Updated: Jul 17, 2020

Awake All Hours is a fortnightly podcast that spreads itself around all corners of the electronic music scene. Its attitude towards the music it shares, and the landscape of the genre is an integrated one; music is unextractable from time, place and person, and all deserve a dedicated slice of discussion. The show begins with a roundup of news and new releases in the genre, and then branches into a more in-depth discussion of each host’s selected tracks for the week. Each track chosen then serves as the material for a mix that’s created and released alongside the main show. There is a completeness to this structure, something pleasingly intuitive about the beats of discovery it hits and the order in which it hits them. Though its hosts are eager to acknowledge the debt AAH owes to shows like The Riot Act and That’s Not Metal, it seems to occupy its own slim but necessary niche, in that it advocates at every turn for protecting and giving back to the scene it loves. The boys spend a great deal of time mining for smaller name releases to feature, tracks that might otherwise slip through the cracks, and they make sure to buy any music they mention on the show. They clearly want any discussions they have to serve the dual purpose of signposting artists and venues; and are constantly shouting out names and places they think deserve attention. It was not surprising then, to learn the catalyst for the show’s inception was something endangering; the sudden closure of the nightclub Griessmuehle in Berlin. Ali: Essentially the club was on a desirable site, property developers swooped in, and the club shut within a matter of days, without really being given a chance to fight its corner.

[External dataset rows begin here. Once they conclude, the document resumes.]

(* Let $A = \begin{pmatrix} 2 & 1 \\ 1 & 1\end{pmatrix}$, $\lambda = \frac{3+\sqrt5}{2}$, and let $M_A$ be the suspension of $A$ with the Riemannian metric $ds^2 = dz^2 + e^{2z\log\lambda}du^2 + e^{-2z\log\lambda}dv^2$ (see context). Then the restrictions of the geodesic flow on $SM_A$ to the invariant submanifolds $V^+ = \{p_u=p_v=0,\ p_z=1\}$ and $V^- = \{p_u=p_v=0,\ p_z=-1\}$ are Anosov flows.
   Context: $T^2 = \mathbb{R}^2/\mathbb{Z}^2$ with $A$ acting linearly; $M_A$ is the quotient of $T^2 \times \mathbb{R}$ by the $\mathbb{Z}$-action generated by $(X,z)\mapsto (AX,z+1)$. $(u,v)$ are linear coordinates on $\mathbb{R}^2$ in which $A(u,v) = (\lambda^{-1}u,\lambda v)$; the metric above is invariant under the $\mathbb{Z}$-action and descends to $M_A$. $(p_u,p_v,p_z)$ are the momenta conjugate to $(u,v,z)$, and the geodesic flow is the Hamiltonian flow of $H = \frac12(p_z^2 + e^{-2z\log\lambda}p_u^2 + e^{2z\log\lambda}p_v^2)$ on $SM_A = \{H = 1/2\}$. *)

From Stdlib Require Import Reals.
From Coquelicot Require Import Coquelicot.
Open Scope R_scope.

(* lambda = (3+sqrt 5)/2, the expanding eigenvalue of A = [[2,1],[1,1]] *)
Definition lam : R := (3 + sqrt 5) / 2.
Definition llam : R := ln lam.

(* Points of the cotangent bundle of the cover T^2 x R -> M_A, in the
   coordinates (u, v, z, p_u, p_v, p_z). *)
Record phase := mkP { cu : R; cv : R; cz : R; pu : R; pv : R; pz : R }.

Definition Ham (y : phase) : R :=
  / 2 * (pz y ^ 2 + exp (- 2 * cz y * llam) * pu y ^ 2
         + exp (2 * cz y * llam) * pv y ^ 2).

Definition dH_du (y : phase) := Derive (fun s => Ham (mkP s (cv y) (cz y) (pu y) (pv y) (pz y))) (cu y).
Definition dH_dv (y : phase) := Derive (fun s => Ham (mkP (cu y) s (cz y) (pu y) (pv y) (pz y))) (cv y).
Definition dH_dz (y : phase) := Derive (fun s => Ham (mkP (cu y) (cv y) s (pu y) (pv y) (pz y))) (cz y).
Definition dH_dpu (y : phase) := Derive (fun s => Ham (mkP (cu y) (cv y) (cz y) s (pv y) (pz y))) (pu y).
Definition dH_dpv (y : phase) := Derive (fun s => Ham (mkP (cu y) (cv y) (cz y) (pu y) s (pz y))) (pv y).
Definition dH_dpz (y : phase) := Derive (fun s => Ham (mkP (cu y) (cv y) (cz y) (pu y) (pv y) s)) (pz y).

It was a massive surprise for somewhere like Berlin, a place that holds its clubs in extremely high regard, and I think it sets a dangerous precedent. These places are important to so many people, safe places of expression and enjoyment, and they should be preserved. Will: I don’t think clubs are really considered as being of the same value culturally as other art venues. Particularly in the UK, clubs seem to be regarded a bit more like a danger or a threat. I think sometimes there are groups that seem poised to jump on the ‘dangerous club’, or at least to look for ways to stack the odds against them a little. Ali: A few months ago, there was a council meeting to decide the verdict of Lakota in Bristol; over eight thousand people signed a petition arguing for its significance, and it was just completely disregarded, it wasn’t even brought up at the meeting. So, it seems like there is some kind of bias.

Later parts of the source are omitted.